A community leader is encouraging a more positive attitude over tiny Queen St shops, saying they are not all bad.
Alex Swney of Heart of the City defended the Auckland shops spreading up the main street as larger spaces are subdivided, saying they fulfilled an important need.
He was responding to Cameron Brewer, chairman of Auckland Council's business advisory panel, who this month spoke out against the small shops selling what he called "rubbish" on Auckland's golden mile. But Swney took a different view.
"There are some good and bad sides to all of these sorts of discussions. It's never straightforward," he said, citing a shop of 3sq m which sold coffee and French rolls and was so popular that it had people queuing.
"And 50m away is a 10sq m site selling Korean pancakes, once again, daily queues. I guess what I am saying is that small is not always bad.

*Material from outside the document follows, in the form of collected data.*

(* Let $\Sigma=(I,X,\mathcal U,\phi,Y,h)$ be a forward complete control system with outputs. If $\Sigma$ is OUAG and BORS, then $\Sigma$ is OUGB.
   Context: Let $I\in\{\mathbb N_0,\mathbb R_0^+\}$. A forward complete control system with outputs $\Sigma=(I,X,\mathcal U,\phi,Y,h)$ consists of: a normed space $(X,\|\cdot\|_X)$; a vector space $U$ and a normed linear subspace $(\mathcal U,\|\cdot\|_{\mathcal U})$ of $\{u:I\to U\}$ such that for all $u\in\mathcal U,\tau\in I$, $u(\cdot+\tau)\in\mathcal U$ with $\|u(\cdot+\tau)\|_{\mathcal U}\le\|u\|_{\mathcal U}$, and for $t_2\ge t_1\ge 0$ the function $u|_{[t_1,t_2]}$ ($u$ on $[t_1,t_2]$, $0$ elsewhere) lies in $\mathcal U$ with norm $\le\|u\|_{\mathcal U}$; a map $\phi:I\times X\times\mathcal U\to X$ with $\phi(0,x,u)=x$, causality, and cocycle property $\phi(t+s,x,u)=\phi(s,\phi(t,x,u),u(t+\cdot))$; a normed space $Y$ and $h:X\times U\to Y$. Write $y(t,x,u)=h(\phi(t,x,u),u(t))$, $B_r=\{x:\|x\|_X<r\}$, $B_{r,\mathcal U}=\{u:\|u\|_{\mathcal U}<r\}$; $\mathcal K_\infty$ = unbounded continuous strictly increasing functions $\mathbb R_0^+\to\mathbb R_0^+$ vanishing at $0$. OUAG: $\exists\gamma\in\mathcal K_\infty$ such that for all $\varepsilon,r,s>0$ there is $\tau\in I$ with $\|y(t,x,u)\|_Y\le\varepsilon+\gamma(\|u\|_{\mathcal U})$ for all $x\in B_r,u\in B_{s,\mathcal U},t\ge\tau$. BORS: for all $C>0,\tau\in I$: $\sup\{\|y(t,x,u)\|_Y:\|x\|_X<C,\|u\|_{\mathcal U}<C,t\in I,t<\tau\}<\infty$. OUGB: $\exists\sigma,\gamma\in\mathcal K_\infty,c>0$ with $\|y(t,x,u)\|_Y\le\sigma(\|x\|_X)+\gamma(\|u\|_{\mathcal U})+c$ for all $x\in X,u\in\mathcal U,t\in I$. *)

From HB Require Import structures.
From mathcomp Require Import all_boot all_order all_algebra.
From mathcomp Require Import all_classical all_reals all_analysis.
Set Implicit Arguments. Unset Strict Implicit. Unset Printing Implicit Defensive.
Import Order.TTheory GRing.Theory Num.Theory.
Import numFieldNormedType.Exports.
Local Open Scope classical_set_scope.
Local Open Scope ring_scope.

(* Time domain I: discrete (I = N_0, embedded in R) or continuous (I = R_0^+). *)
Definition inI {R : realType} (disc : bool) (t : R) : Prop :=
  if disc then exists n : nat, t = n%:R else 0 <= t.

(* Inputs u : I -> U are represented as functions R -> U vanishing outside I. *)
Definition shift {R : realType} {U : lmodType R} (disc : bool)
  (u : R -> U) (tau : R) : R -> U :=
  fun t => if `[< inI disc t >] then u (t + tau) else 0.

Definition restr {R : realType} {U : lmodType R}
  (u : R -> U) (t1 t2 : R) : R -> U :=
  fun t => if (t1 <= t) && (t <= t2) then u t else 0.

Record CSys (R : realType) (X : normedModType R) (U : lmodType R)
    (Y : normedModType R) := {
  disc : bool;
  Uin : set (R -> U);
  Unorm : (R -> U) -> R;
  phi : R -> X -> (R -> U) -> X;
  h : X -> U -> Y;
  Uin_supp : forall u, Uin u -> forall t, ~ inI disc t -> u t = 0;
  Uin_zero : Uin (fun _ => 0);
  Uin_add : forall u v, Uin u -> Uin v -> Uin (fun t => u t + v t);
  Uin_scale : forall (a : R) u, Uin u -> Uin (fun t => a *: u t);
  Unorm_ge0 : forall u, Uin u -> 0 <= Unorm u;
  Unorm_eq0 : forall u, Uin u -> Unorm u = 0 -> u = (fun _ => 0);
  Unorm_scale : forall (a : R) u, Uin u -> Unorm (fun t => a *: u t) = `|a| * Unorm u;
  Unorm_triangle : forall u v, Uin u -> Uin v ->
    Unorm (fun t => u t + v t) <= Unorm u + Unorm v;
  Uin_shift : forall u tau, Uin u -> inI disc tau ->
    Uin (shift disc u tau) /\ Unorm (shift disc u tau) <= Unorm u;
  Uin_restr : forall u t1 t2, Uin u -> 0 <= t1 -> t1 <= t2 ->
    Uin (restr u t1 t2) /\ Unorm (restr u t1 t2) <= Unorm u;
  phi_0 : forall x u, Uin u -> phi 0 x u = x;
  phi_causal : forall t x u v, inI disc t -> Uin u -> Uin v ->
    (forall s, 0 <= s -> s <= t -> u s = v s) -> phi t x u = phi t x v;
  phi_cocycle : forall t s x u, inI disc t -> inI disc s -> Uin u ->
    phi (t + s) x u = phi s (phi t x u) (shift disc u t)
}.

Section Props.
Context {R : realType} {X : normedModType R} {U : lmodType R}
  {Y : normedModType R} (S : CSys X U Y).

Definition yout (t : R) (x : X) (u : R -> U) : Y := h S (phi S t x u) (u t).

Definition Kinf (f : R -> R) : Prop :=
  f 0 = 0 /\ {within `[0, +oo[, continuous f} /\
  (forall a b, 0 <= a -> a < b -> f a < f b) /\
  (forall M, exists r, 0 <= r /\ M < f r).

Definition OUAG : Prop :=
  exists gamma, Kinf gamma /\
    forall eps r s, 0 < eps -> 0 < r -> 0 < s ->
      exists tau, inI (disc S) tau /\
        forall x u t, `|x| < r -> Uin S u -> Unorm S u < s ->
          inI (disc S) t -> tau <= t ->
          `|yout t x u| <= eps + gamma (Unorm S u).

(* sup{...} < oo  is written as: the set of values is bounded above *)
Definition BORS : Prop :=
  forall C tau, 0 < C -> inI (disc S) tau ->
    exists M : R, forall x u t, `|x| < C -> Uin S u -> Unorm S u < C ->
      inI (disc S) t -> t < tau -> `|yout t x u| <= M.

Definition OUGB : Prop :=
  exists sigma gamma (c : R), Kinf sigma /\ Kinf gamma /\ 0 < c /\
    forall x u t, Uin S u -> inI (disc S) t ->
      `|yout t x u| <= sigma `|x| + gamma (Unorm S u) + c.

End Props.

From mathcomp Require Import all_boot all_order all_algebra.
From mathcomp Require Import all_classical all_reals all_analysis.
From mathcomp Require Import lra.
Set Implicit Arguments. Unset Strict Implicit. Unset Printing Implicit Defensive.
Import Order.TTheory GRing.Theory Num.Theory.
Import numFieldNormedType.Exports.
Local Open Scope ring_scope.

(* On the ball of radius n+1 (in both state and input norm), OUAG with
   eps = 1 gives a time tau_n after which |y| <= 1 + gamma(|u|), and BORS
   bounds |y| by some M_n before tau_n.  Hence |y| <= max(1, M_n) + gamma(|u|)
   there, and it remains to dominate the arbitrary sequence n |-> max(1, M_n)
   by a K_oo function of max(|x|, |u|).  The hinge function
   xi(m) = m + sum_k c_k (m - k)^+ does this: it is continuous, strictly
   increasing and unbounded, and xi(n+1) >= c_n. *)

Section Hinge.
Variables (R : realType) (c : nat -> R).
Hypothesis c_ge0 : forall k, 0 <= c k.

Definition hinge_sum (N : nat) (m : R) : R :=
  m + \sum_(0 <= k < N) c k * Num.max 0 (m - k%:R).

Lemma hinge_sum_stable N1 N2 m :
  m <= N1%:R -> m <= N2%:R -> hinge_sum N1 m = hinge_sum N2 m.
Proof.
wlog N12 : N1 N2 / (N1 <= N2)%N.
  move=> W mN1 mN2; have [N12|/ltnW N21] := leqP N1 N2; first exact: W.
  by symmetry; apply: W.
move=> mN1 _; rewrite /hinge_sum (@big_cat_nat _ _ _ N1 0 N2 _ _ (leq0n N1) N12) /=.
rewrite [X in _ = _ + (_ + X)]big1_seq ?addr0 // => k /andP[_].
rewrite mem_index_iota => /andP[N1k _].
by rewrite (max_idPl _) ?mulr0 // subr_le0 (le_trans mN1) // ler_nat.
Qed.

Lemma hinge_sum_continuous N : continuous (hinge_sum N).
Proof.
move=> m; apply: continuousD; first exact: cvg_id.
move: m; apply: (@continuous_big R _ +%R 0 xpredT add_continuous) => k _ m.
apply: cvgM; first exact: cvg_cst.
apply: (@continuous_max R R (fun=> 0) (fun y : R => y - k%:R) m); first exact: cvg_cst.
by apply: continuousB; [exact: cvg_id | exact: cvg_cst].
Qed.

Lemma hinge_sum_lt N : {homo hinge_sum N : a b / a < b}.
Proof.
move=> a b ab; rewrite /hinge_sum ltr_leD // ler_sum // => k _.
by rewrite ler_wpM2l // le_max2 // lerD // ltW.
Qed.

(* The terms with k >= m vanish, so truncating the series at any N >= m gives
   the same value; this makes [hinge] locally a finite sum. *)
Definition hinge (m : R) : R := hinge_sum (Num.truncn m).+1 m.

Lemma hingeE N m : m <= N%:R -> hinge m = hinge_sum N m.
Proof. by apply: hinge_sum_stable; exact/ltW/truncnS_gt. Qed.

Lemma hinge0 : hinge 0 = 0.
Proof. by rewrite (@hingeE 0) // /hinge_sum big_geq // addr0. Qed.

Lemma hinge_continuous : continuous hinge.
Proof.
move=> m0; set N := (Num.truncn m0).+1.
have hinge_near : \forall m \near m0, hinge_sum N m = hinge m.
  by near do rewrite (@hingeE N) // ltW //; exact: lt_nbhsl (truncnS_gt m0).
apply: cvg_trans (near_eq_cvg hinge_near) _.
by rewrite (@hingeE N); [exact: hinge_sum_continuous | exact/ltW/truncnS_gt].
Unshelve. all: end_near.
Qed.

Lemma hinge_lt : {homo hinge : a b / a < b}.
Proof.
move=> a b ab; set N := (Num.truncn b).+1.
have bN : b <= N%:R by exact/ltW/truncnS_gt.
by rewrite (@hingeE N a) ?(@hingeE N b) ?hinge_sum_lt // (le_trans (ltW ab)).
Qed.

Lemma hinge_ge m : 0 <= m -> m <= hinge m.
Proof.
move=> m0; rewrite /hinge /hinge_sum lerDl.
by apply: sumr_ge0 => k _; rewrite mulr_ge0 // le_max lexx.
Qed.

Lemma hinge_ge_coef n m : n.+1%:R <= m -> c n <= hinge m.
Proof.
move=> nm; have m0 : 0 <= m := le_trans (ler0n _ _) nm.
have term_ge : c n <= c n * Num.max 0 (m - n%:R).
  by rewrite ler_peMr // le_max lerBrDr addrC natr1 nm orbT.
have n_lt : (n < (Num.truncn m).+1)%N.
  by rewrite ltnS truncn_ge_nat // (le_trans _ nm) // ler_nat.
rewrite /hinge /hinge_sum big_mkord (bigD1 (Ordinal n_lt)) //=.
rewrite (le_trans term_ge) // addrCA lerDl addr_ge0 //.
by apply: sumr_ge0 => k _; rewrite mulr_ge0 // le_max lexx.
Qed.

Lemma hinge_Kinf : Kinf hinge.
Proof.
split; first exact: hinge0.
split; first exact: continuous_subspaceT hinge_continuous.
split; first by move=> a b _; exact: hinge_lt.
move=> M; exists (`|M| + 1); split; first by rewrite addr_ge0.
by rewrite (lt_le_trans _ (hinge_ge _)) ?addr_ge0 // ltr_pwDr // ler_norm.
Qed.

End Hinge.

Lemma Kinf_ge0 (R : realType) (f : R -> R) r : Kinf f -> 0 <= r -> 0 <= f r.
Proof.
move=> [f0 [_ [f_lt _]]]; rewrite le_eqVlt => /orP[/eqP <-|r_gt0]; first by rewrite f0.
by rewrite -f0 ltW // f_lt.
Qed.

Lemma Kinf_le (R : realType) (f : R -> R) a b :
  Kinf f -> 0 <= a -> a <= b -> f a <= f b.
Proof.
move=> [_ [_ [f_lt _]]] a0; rewrite le_eqVlt => /orP[/eqP -> //|ab].
exact/ltW/f_lt.
Qed.

Lemma KinfD (R : realType) (f g : R -> R) :
  Kinf f -> Kinf g -> Kinf (fun r => f r + g r).
Proof.
move=> Kf Kg; move: (Kf) (Kg) => [f0 [f_cont [f_lt _]]] [g0 [g_cont [g_lt g_unb]]].
split; first by rewrite f0 g0 addr0.
split; first by move=> x; apply: continuousD; [exact: f_cont | exact: g_cont].
split; first by move=> a b a0 ab; rewrite ltrD ?f_lt ?g_lt.
move=> M; have [r [r0 Mr]] := g_unb M; exists r; split => //.
by rewrite (lt_le_trans Mr) // lerDr Kinf_ge0.
Qed.

Lemma Kinf_max_le (R : realType) (f : R -> R) a b :
  Kinf f -> 0 <= a -> 0 <= b -> f (Num.max a b) <= f a + f b.
Proof.
move=> Kf a0 b0; have [_|_] := leP a b.
  by rewrite lerDr Kinf_ge0.
by rewrite lerDl Kinf_ge0.
Qed.

Lemma Kinf_bound_seq (R : realType) (B : nat -> R) :
  exists2 xi, Kinf xi & forall n, B n <= B 0%N + xi n%:R.
Proof.
pose c k := `|B k.+1 - B 0%N|.
have c_ge0 k : 0 <= c k by exact: normr_ge0.
exists (hinge c); first exact: hinge_Kinf.
case=> [|n]; first by rewrite hinge0 addr0.
by rewrite -lerBlDl (le_trans (ler_norm _)) // hinge_ge_coef.
Qed.

Lemma OUGB_of_ball_bounds (R : realType) (X : normedModType R) (U : lmodType R)
    (Y : normedModType R) (S : CSys X U Y) (gam : R -> R) (b : nat -> R) :
  Kinf gam ->
  (forall n x u t, `|x| < n.+1%:R -> Uin S u -> Unorm S u < n.+1%:R ->
     inI (disc S) t -> `|yout S t x u| <= b n + gam (Unorm S u)) ->
  OUGB S.
Proof.
move=> Kgam ball_bound; have [xi Kxi b_le] := Kinf_bound_seq b.
exists xi, (fun r => gam r + xi r), (Num.max 1 (b 0%N)).
split=> //; split; first exact: KinfD.
split=> [|x u t Hu Ht]; first by rewrite lt_max ltr01.
have u0 := Unorm_ge0 Hu.
set m := Num.max `|x| (Unorm S u); set n := Num.truncn m.
have x_le : `|x| <= m by rewrite le_max lexx.
have u_le : Unorm S u <= m by rewrite le_max lexx orbT.
have n_le : n%:R <= m by rewrite truncn_le (le_trans u0).
have lt_n1 r : r <= m -> r < n.+1%:R := fun r_le => le_lt_trans r_le (truncnS_gt m).
have y_le := ball_bound n x u t (lt_n1 _ x_le) Hu (lt_n1 _ u_le) Ht.
have xi_n := Kinf_le Kxi (ler0n _ n) n_le.
have xi_m := Kinf_max_le Kxi (normr_ge0 x) u0.
have b0_le : b 0%N <= Num.max 1 (b 0%N) by rewrite le_max lexx orbT.
have := b_le n; lra.
Qed.

Theorem lemma7 (R : realType) (X : normedModType R) (U : lmodType R)
  (Y : normedModType R) (S : CSys X U Y) :
  OUAG S -> BORS S -> OUGB S.
Proof.
move=> [gam [Kgam OUAG_gam]] BORS_S.
have [tau Htau] := choice (fun n : nat =>
  OUAG_gam 1 n.+1%:R n.+1%:R ltr01 (ltr0Sn _ n) (ltr0Sn _ n)).
have [M HM] := choice (fun n : nat => BORS_S n.+1%:R (tau n) (ltr0Sn _ n) (Htau n).1).
apply: (OUGB_of_ball_bounds (b := fun n => Num.max 1 (M n)) Kgam).
move=> n x u t Hx Hu HU Ht; have gam_ge0 := Kinf_ge0 Kgam (Unorm_ge0 Hu).
have [tau_le|t_lt] := leP (tau n) t.
- by rewrite (le_trans ((Htau n).2 x u t Hx Hu HU Ht tau_le)) // lerD2r le_max lexx.
- by rewrite (le_trans (HM n x u t Hx Hu HU Ht t_lt)) // ler_wpDr // le_max lexx orbT.
Qed.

"There is an evolution in all things and retail is no exception. A decade ago there was a single convenience store in the CBD, on Durham Ln West. At last count there were 38 in the CBD. With the arrival in the last couple of months of Countdown and New World Metro, I'm picking that this number will plateau then fall. We have seen this sort of transition around the world so, some downward pressure on this market sector," Swney said.

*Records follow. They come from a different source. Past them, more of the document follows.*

Lemma ex_pderiv_fadd b f g : ex_pderiv b f -> ex_pderiv b g -> ex_pderiv b (fadd f g).
Proof.
  intros Hf Hg x t; specialize (Hf x t); specialize (Hg x t); destruct b; unfold fadd.
  - apply (ex_derive_plus (fun s => f x s) (fun s => g x s)); assumption.
  - apply (ex_derive_plus (fun y => f y t) (fun y => g y t)); assumption.
Qed.

Lemma ex_pderiv_fmul b f g : ex_pderiv b f -> ex_pderiv b g -> ex_pderiv b (fmul f g).
Proof.
  intros Hf Hg x t; specialize (Hf x t); specialize (Hg x t); destruct b; unfold fmul.
  - apply (ex_derive_mult (fun s => f x s) (fun s => g x s)); assumption.
  - apply (ex_derive_mult (fun y => f y t) (fun y => g y t)); assumption.
Qed.

Lemma ex_pderiv_const b c : ex_pderiv b (fun _ _ => c).
Proof. intros x t; destruct b; apply ex_derive_const. Qed.

Lemma continuous2_fadd f g : continuous2 f -> continuous2 g -> continuous2 (fadd f g).
Proof.
  intros Hf Hg x t; unfold fadd.
  apply (continuous_plus (fun p : R * R => f (fst p) (snd p))
                         (fun p : R * R => g (fst p) (snd p))); auto.
Qed.

Lemma continuous2_fmul f g : continuous2 f -> continuous2 g -> continuous2 (fmul f g).
Proof.
  intros Hf Hg x t; unfold fmul.
  apply (continuous_mult (fun p : R * R => f (fst p) (snd p))
                         (fun p : R * R => g (fst p) (snd p))); auto.
Qed.

Lemma continuous2_const c : continuous2 (fun _ _ => c).
Proof. intros x t; apply continuous_const. Qed.

Lemma pderivs_fadd w f g : smooth2 f -> smooth2 g ->
  pderivs w (fadd f g) = fadd (pderivs w f) (pderivs w g).
Proof.
  intros Hf Hg; induction w as [|b w IH]; simpl; [reflexivity|].
  rewrite IH; apply (pderiv_fadd b); apply smooth_ex_pderiv; assumption.
Qed.

Lemma smooth_fadd f g : smooth2 f -> smooth2 g -> smooth2 (fadd f g).
Proof.
  intros Hf Hg w x t; rewrite pderivs_fadd by assumption; split; [|split].
  - apply (ex_pderiv_fadd false); apply smooth_ex_pderiv; assumption.
  - apply (ex_pderiv_fadd true); apply smooth_ex_pderiv; assumption.
  - apply continuous2_fadd; apply smooth_continuous2; assumption.
Qed.

Lemma smooth_const c : smooth2 (fun _ _ => c).
Proof.
  assert (Hw : forall w, exists c', pderivs w (fun _ _ => c) = fun _ _ => c').
  { induction w as [|b w [c' IH]]; simpl; [now exists c|].
    rewrite IH; exists 0; exact (pderiv_const b c'). }
  intros w x t; destruct (Hw w) as [c' ->].
  split; [|split]; [apply ex_derive_const | apply ex_derive_const | apply continuous_const].
Qed.

(* General Leibniz rule: an iterated partial derivative of f g is the sum of
   the products (pderivs u f) (pderivs v g) over the pairs (u, v) listed by
   [leibniz_pairs]. *)
Fixpoint sum_prod (f g : fn2) (l : list (list bool * list bool)) : fn2 :=
  match l with
  | nil => fun _ _ => 0
  | (u, v) :: l' => fadd (fmul (pderivs u f) (pderivs v g)) (sum_prod f g l')
  end.

Definition leibniz_step (b : bool) (l : list (list bool * list bool)) :=
  flat_map (fun uv => (b :: fst uv, snd uv) :: (fst uv, b :: snd uv) :: nil) l.

Fixpoint leibniz_pairs (w : list bool) : list (list bool * list bool) :=
  match w with
  | nil => (nil, nil) :: nil
  | b :: w' => leibniz_step b (leibniz_pairs w')
  end.

Section SumProd.

Variables f g : fn2.
Hypotheses (Hf : smooth2 f) (Hg : smooth2 g).

Lemma ex_pderiv_sum_prod b l : ex_pderiv b (sum_prod f g l).
Proof.
  induction l as [|[u v] l IH]; simpl; [apply ex_pderiv_const|].
  apply ex_pderiv_fadd; [apply ex_pderiv_fmul; apply smooth_ex_pderiv|]; assumption.
Qed.

Lemma continuous2_sum_prod l : continuous2 (sum_prod f g l).
Proof.
  induction l as [|[u v] l IH]; simpl; [apply continuous2_const|].
  apply continuous2_fadd; [apply continuous2_fmul; apply smooth_continuous2|]; assumption.
Qed.

Lemma pderiv_sum_prod b l : pderiv b (sum_prod f g l) = sum_prod f g (leibniz_step b l).
Proof.
  induction l as [|[u v] l IH]; simpl; [apply pderiv_const|].
  rewrite pderiv_fadd, pderiv_fmul, IH;
    [| apply smooth_ex_pderiv; assumption | apply smooth_ex_pderiv; assumption
     | apply ex_pderiv_fmul; apply smooth_ex_pderiv; assumption | apply ex_pderiv_sum_prod].
  apply fn2_ext; intros x t; unfold leibniz_step, fadd, fmul, pderiv.
  cbn [sum_prod flat_map fst snd pderivs app]; ring.
Qed.

Lemma pderivs_fmul w : pderivs w (fmul f g) = sum_prod f g (leibniz_pairs w).
Proof.
  induction w as [|b w IH]; simpl.
  - apply fn2_ext; intros; unfold fadd, fmul; simpl; ring.
  - rewrite IH; apply (pderiv_sum_prod b).
Qed.

End SumProd.

Lemma smooth_fmul f g : smooth2 f -> smooth2 g -> smooth2 (fmul f g).
Proof.
  intros Hf Hg w x t; rewrite pderivs_fmul by assumption; split; [|split].
  - apply (ex_pderiv_sum_prod f g Hf Hg false).
  - apply (ex_pderiv_sum_prod f g Hf Hg true).
  - apply continuous2_sum_prod; assumption.
Qed.

Lemma smooth_fscal c f : smooth2 f -> smooth2 (fscal c f).
Proof. intros H; apply (smooth_fmul (fun _ _ => c) f); [apply smooth_const | exact H]. Qed.

Lemma fsub_fadd_fscal f g : fsub f g = fadd f (fscal (-1) g).
Proof. apply fn2_ext; intros; unfold fsub, fadd, fscal; ring. Qed.

Lemma smooth_fsub f g : smooth2 f -> smooth2 g -> smooth2 (fsub f g).
Proof.
  intros Hf Hg; rewrite fsub_fadd_fscal; apply smooth_fadd; [|apply smooth_fscal]; assumption.
Qed.

(** * Differentiation rules *)

Section Rules.

Variables f g : fn2.
Hypotheses (Hf : smooth2 f) (Hg : smooth2 g).

Lemma dX_fadd : dX (fadd f g) = fadd (dX f) (dX g).
Proof. apply (pderiv_fadd false); apply (smooth_ex_pderiv _ nil); assumption. Qed.

Lemma dT_fadd : dT (fadd f g) = fadd (dT f) (dT g).
Proof. apply (pderiv_fadd true); apply (smooth_ex_pderiv _ nil); assumption. Qed.

Lemma dX_fmul : dX (fmul f g) = fadd (fmul (dX f) g) (fmul f (dX g)).
Proof. apply (pderiv_fmul false); apply (smooth_ex_pderiv _ nil); assumption. Qed.

Lemma dT_fmul : dT (fmul f g) = fadd (fmul (dT f) g) (fmul f (dT g)).
Proof. apply (pderiv_fmul true); apply (smooth_ex_pderiv _ nil); assumption. Qed.

Lemma dX_fsub : dX (fsub f g) = fsub (dX f) (dX g).
Proof.
  apply fn2_ext; intros x t; unfold dX, fsub.
  apply (Derive_minus (fun y => f y t) (fun y => g y t));
    [apply (smooth_ex_pderiv false nil f Hf) | apply (smooth_ex_pderiv false nil g Hg)].
Qed.

Lemma dT_fsub : dT (fsub f g) = fsub (dT f) (dT g).
Proof.
  apply fn2_ext; intros x t; unfold dT, fsub.
  apply (Derive_minus (fun s => f x s) (fun s => g x s));
    [apply (smooth_ex_pderiv true nil f Hf) | apply (smooth_ex_pderiv true nil g Hg)].
Qed.

Lemma dT_dX : dT (dX f) = dX (dT f).
Proof.
  apply fn2_ext; intros x t; unfold dT, dX; symmetry; apply Schwarz.
  - exists (mkposreal 1 Rlt_0_1); intros u v _ _.
    split; [|split; [|split]].
    + apply (Hf nil u v).
    + apply (Hf nil u v).
    + apply (Hf (true :: nil) u v).
    + apply (Hf (false :: nil) u v).
  - apply continuity_2d_pt_filterlim; apply (Hf (false :: true :: nil) x t).
  - apply continuity_2d_pt_filterlim; apply (Hf (true :: false :: nil) x t).
Qed.

End Rules.

Lemma dX_fscal c f : dX (fscal c f) = fscal c (dX f).
Proof. apply fn2_ext; intros x t; unfold dX, fscal; apply (Derive_scal (fun y => f y t)). Qed.

Lemma dT_fscal c f : dT (fscal c f) = fscal c (dT f).
Proof. apply fn2_ext; intros x t; unfold dT, fscal; apply (Derive_scal (fun s => f x s)). Qed.

Lemma dT_dX3 f : smooth2 f -> dT (dX3 f) = dX3 (dT f).
Proof.
  intros H; unfold dX3, dX2.
  rewrite (dT_dX (dX (dX f))), (dT_dX (dX f)), (dT_dX f);
    auto using smooth_dX.
Qed.

Ltac solve_smooth :=
  match goal with
  | |- smooth2 (fadd _ _) => apply smooth_fadd; solve_smooth
  | |- smooth2 (fmul _ _) => apply smooth_fmul; solve_smooth
  | |- smooth2 (fsub _ _) => apply smooth_fsub; solve_smooth
  | |- smooth2 (fscal _ _) => apply smooth_fscal; solve_smooth
  | |- smooth2 (dX _) => apply smooth_dX; solve_smooth
  | |- smooth2 (dT _) => apply smooth_dT; solve_smooth
  | |- smooth2 (dX2 _) => unfold dX2; solve_smooth
  | |- smooth2 (dX3 _) => unfold dX3, dX2; solve_smooth
  | |- smooth2 (fun _ _ => _) => apply smooth_const
  | |- smooth2 _ => assumption
  end.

"It's about achieving a balanced and quality outcome. Malls have a much more closely managed environment so we need to offer a much more varied retail offering that will have some grit. We have to be careful not to over-prescribe what we are looking for," he said.
But he says Auckland's CBD retailing is well overdue for a new set of guidelines and for officials to be prepared to say no to some retail.
"We have this guiding principle in our office - no one ever says, 'I found this great little shopping mall'," Swney said.
Christopher Dempsey, a Waitemata Local Board member also backed small shops, saying size was not the point.
Dempsey said having small shops "creates a sense of vibrancy and uniqueness and can play a positive role in developing an authentic and bespoke offer".
"A monoculture of one shop size lacks vibrancy, uniqueness, and can hardly be said to offer anything bespoke," Dempsey said, saying his view was backed up by a retail specialist.
Business people are worried about some new and other existing retail developments.
"Do the shops in these places make any money? Why are the stores so small? What is the demographic profile of the tenants? What levels of sales are these retailers reporting? How often do the shops turn over? How can we improve the quality and standard of these developments and retailers," one expert in the field asked.
They want pressure put on the council to create a CBD retail hub which is viable, appealing and which makes a valuable addition to the city, but they questioned how this could be achieved.
They blamed the Unit Titles Act for allowing strata-titles to be created, which they said encouraged smaller tenancies and which was banned in some European cities.
"Because the buildings are unit titles, any future redevelopment of the buildings will be almost impossible. So in due course, the city will most likely be stuck with very old, outmoded, stigmatised, dilapidated shopping areas," the expert said. "Unless the council acts to prevent further developments of this sort occurring, the retail environment south of Victoria St will continue to deteriorate."